(HedgeCo.Net)— The Securities and Exchange Commission today charged a cardiologist with insider trading on confidential developments as he worked on a clinical drug trial.
The SEC alleges that Dr. Edward Kosinski of Weston, Connecticut, traded in advance of two negative news announcements by Regado Biosciences, which was pursuing a drug called REG-1 to regulate clotting in patients undergoing coronary angioplasty. Kosinski, who served as principal investigator of the drug trial, got advance notice that patient enrollment in the trial was being suspended because patients had experienced severe allergic reactions. He allegedly sold all 40,000 shares of his Regado stock the following day to avoid approximately $160,000 in losses when the news became public and the stock price dropped.
A month later, Kosinski received advance notice that enrollment would be permanently halted because a patient had died, and he profited through options trades by betting the stock price would drop again. Kosinski allegedly made more than $3,000 when he exercised the options after the company’s stock fell by 60 percent upon the negative news.
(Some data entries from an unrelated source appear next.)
(* Assume that for every packing $\mathcal{F}$ of unit balls in $\mathbb{E}^3$ containing $\mathbf{B}$, with $\mathbf{P}$ the Voronoi cell of $\mathcal{F}$ assigned to $\mathbf{B}$, one has $\frac{\mathrm{vol}_3(\mathbf{B})}{\mathrm{vol}_3(\mathbf{P}\cap\sqrt2\,\mathbf{B})}<0.7547$. Then for every packing $\{\mathbf{c}_1+\mathbf{B},\dots,\mathbf{c}_n+\mathbf{B}\}$ of $n\ge1$ unit balls in $\mathbb{E}^3$ and $\hat r:=1.58731$, $$\frac{n\,\mathrm{vol}_3(\mathbf{B})}{\mathrm{vol}_3\left(\bigcup_{i=1}^n(\mathbf{c}_i+\hat r\mathbf{B})\right)}<0.7547.$$
   Context: $\mathbf{B}$ is the closed unit ball centered at the origin of $\mathbb{E}^3$; a packing means pairwise disjoint interiors. The Voronoi cell assigned to a ball of the packing is the set of points at least as close to its center as to any other center of the packing. *)

From Stdlib Require Import Reals Lra ZArith List.
Open Scope R_scope.

Definition R3 := (R * R * R)%type.

Definition vsub (x y : R3) : R3 :=
  let '(x1, x2, x3) := x in let '(y1, y2, y3) := y in (x1 - y1, x2 - y2, x3 - y3).

Definition norm3 (x : R3) : R :=
  let '(x1, x2, x3) := x in sqrt (x1 * x1 + x2 * x2 + x3 * x3).

Definition dist3 (x y : R3) : R := norm3 (vsub x y).

Definition cball (c : R3) (r : R) (x : R3) : Prop := dist3 x c <= r.
Definition oball (c : R3) (r : R) (x : R3) : Prop := dist3 x c < r.

Definition origin : R3 := (0, 0, 0).

Definition Bunit : R3 -> Prop := cball origin 1.

Definition dcube (k : nat) (ijl : Z * Z * Z) (x : R3) : Prop :=
  let '(i, j, l) := ijl in
  let '(x1, x2, x3) := x in
  let h := / (2 ^ k) in
  IZR i * h <= x1 <= (IZR i + 1) * h /\
  IZR j * h <= x2 <= (IZR j + 1) * h /\
  IZR l * h <= x3 <= (IZR l + 1) * h.

Definition inner_approx (S : R3 -> Prop) (a : R) : Prop :=
  exists (k : nat) (cs : list (Z * Z * Z)),
    NoDup cs /\
    (forall c, In c cs -> forall x, dcube k c x -> S x) /\
    a = INR (length cs) / (8 ^ k).

(* vol3 S v : v is the (inner Jordan) volume of S. *)
Definition vol3 (S : R3 -> Prop) (v : R) : Prop := is_lub (inner_approx S) v.

(* A (possibly infinite) packing of unit balls, given by its set of centers:
   distinct balls have disjoint interiors. *)
Definition unit_ball_packing (F : R3 -> Prop) : Prop :=
  forall c c', F c -> F c' -> c <> c' ->
    forall x, ~ (oball c 1 x /\ oball c' 1 x).

Definition voronoi0 (F : R3 -> Prop) (x : R3) : Prop :=
  forall c, F c -> dist3 x origin <= dist3 x c.

(* Translate the packing so that [c i] is the origin: by hypothesis the truncated
   Voronoi cell [P_i ∩ √2 B] of each ball has volume greater than
   [vol(B) / 0.7547], and it lies in [c i + r̂ B] because [√2 < r̂].  Distinct
   Voronoi cells meet only in bisector planes, so no dyadic cube lies in two of
   them, and inner cube approximations of the [n] cells add up inside the union,
   giving [vol(union) > n vol(B) / 0.7547].  Since the volume is an inner Jordan
   content on a fixed dyadic grid, which the translations by [c i] do not
   preserve, each approximation is refined before being translated. *)

From Stdlib Require Import Reals Lra Lia Psatz ZArith List Classical.
Open Scope R_scope.

Definition vadd (x y : R3) : R3 :=
  let '(x1, x2, x3) := x in let '(y1, y2, y3) := y in (x1 + y1, x2 + y2, x3 + y3).

Lemma vsub_vadd x c : vsub (vadd x c) c = x.
Proof. destruct x as [[? ?] ?], c as [[? ?] ?]; simpl; f_equal; [f_equal|]; ring. Qed.

Lemma vsub_diag c : vsub c c = origin.
Proof. destruct c as [[? ?] ?]; unfold origin; simpl; rewrite !Rminus_diag; reflexivity. Qed.

Lemma dist3_vsub2 x y z : dist3 (vsub x z) (vsub y z) = dist3 x y.
Proof.
  destruct x as [[? ?] ?], y as [[? ?] ?], z as [[? ?] ?]; unfold dist3, norm3; simpl.
  f_equal; ring.
Qed.

Lemma dist3_vsub_origin x z : dist3 (vsub x z) origin = dist3 x z.
Proof.
  destruct x as [[? ?] ?], z as [[? ?] ?]; unfold dist3, norm3; simpl; f_equal; ring.
Qed.

Lemma dist3_diag x : dist3 x x = 0.
Proof.
  destruct x as [[? ?] ?]; unfold dist3, norm3; simpl; rewrite !Rminus_diag.
  replace (0 * 0 + 0 * 0 + 0 * 0) with 0 by ring; apply sqrt_0.
Qed.

Lemma dist3_eq_sqr x1 x2 x3 a1 a2 a3 b1 b2 b3 :
  dist3 (x1, x2, x3) (a1, a2, a3) = dist3 (x1, x2, x3) (b1, b2, b3) ->
  (x1 - a1) * (x1 - a1) + (x2 - a2) * (x2 - a2) + (x3 - a3) * (x3 - a3) =
  (x1 - b1) * (x1 - b1) + (x2 - b2) * (x2 - b2) + (x3 - b3) * (x3 - b3).
Proof.
  unfold dist3, norm3; simpl; intro H.
  apply sqrt_inj; [| | exact H]; repeat apply Rplus_le_le_0_compat; apply Rle_0_sqr.
Qed.

Definition cube_in (S : R3 -> Prop) (k : nat) (d : Z * Z * Z) : Prop :=
  forall x, dcube k d x -> S x.

Definition cubes_vol (k : nat) (l : list (Z * Z * Z)) : R := INR (length l) / 8 ^ k.

Definition eventually_inner_gt (S : R3 -> Prop) (t : R) : Prop :=
  exists M, forall m, (M <= m)%nat ->
    exists l, NoDup l /\ (forall d, In d l -> cube_in S m d) /\ cubes_vol m l > t.

Lemma cubes_vol_app k l1 l2 : cubes_vol k (l1 ++ l2) = cubes_vol k l1 + cubes_vol k l2.
Proof.
  unfold cubes_vol; rewrite length_app, plus_INR; field; apply pow_nonzero; lra.
Qed.

Lemma vol3_ge0 S v : vol3 S v -> 0 <= v.
Proof.
  intros Hv; apply Hv; exists 0%nat, nil; split; [constructor|split]; [intros _ []|simpl; field].
Qed.

(* The cube is not contained in the bisector plane of [a] and [b]: compare the
   corner [y] with the three corners [y + h e_i]. *)
Lemma dcube_equidistant_eq k d a b :
  (forall x, dcube k d x -> dist3 x a = dist3 x b) -> a = b.
Proof.
  destruct d as [[i j] l], a as [[a1 a2] a3], b as [[b1 b2] b3]; intro H.
  set (h := / 2 ^ k).
  assert (Hh : 0 < h) by (apply Rinv_0_lt_compat, pow_lt; lra).
  set (y1 := IZR i * h); set (y2 := IZR j * h); set (y3 := IZR l * h).
  assert (Hc : forall e1 e2 e3, 0 <= e1 <= h -> 0 <= e2 <= h -> 0 <= e3 <= h ->
     dcube k (i, j, l) (y1 + e1, y2 + e2, y3 + e3)).
  { intros; simpl; fold h; unfold y1, y2, y3; lra. }
  assert (E0 := dist3_eq_sqr _ _ _ _ _ _ _ _ _ (H _ (Hc 0 0 0 ltac:(lra) ltac:(lra) ltac:(lra)))).
  assert (E1 := dist3_eq_sqr _ _ _ _ _ _ _ _ _ (H _ (Hc h 0 0 ltac:(lra) ltac:(lra) ltac:(lra)))).
  assert (E2 := dist3_eq_sqr _ _ _ _ _ _ _ _ _ (H _ (Hc 0 h 0 ltac:(lra) ltac:(lra) ltac:(lra)))).
  assert (E3 := dist3_eq_sqr _ _ _ _ _ _ _ _ _ (H _ (Hc 0 0 h ltac:(lra) ltac:(lra) ltac:(lra)))).
  assert (F1 : h * (a1 - b1) = 0) by nra.
  assert (F2 : h * (a2 - b2) = 0) by nra.
  assert (F3 : h * (a3 - b3) = 0) by nra.
  apply Rmult_integral in F1 as [F1|F1]; [lra|].
  apply Rmult_integral in F2 as [F2|F2]; [lra|].
  apply Rmult_integral in F3 as [F3|F3]; [lra|].
  f_equal; [f_equal|]; lra.
Qed.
“We allege that Dr. Kosinski illegally sold all of his stock in the company to avoid thousands of dollars in losses when the bad news came out,” said Joseph Sansone, Co-Chief of the SEC Enforcement Division’s Market Abuse Unit. “Not content with avoiding heavy losses, Kosinski allegedly further enriched himself by placing options trades to profit when the company’s stock price dropped again on more bad news.”
In a parallel case, the U.S. Attorney’s Office for the District of Connecticut today announced criminal charges against Kosinski.
The SEC’s complaint filed in federal court in Connecticut charges Kosinski with violating antifraud provisions of the federal securities laws and related rules.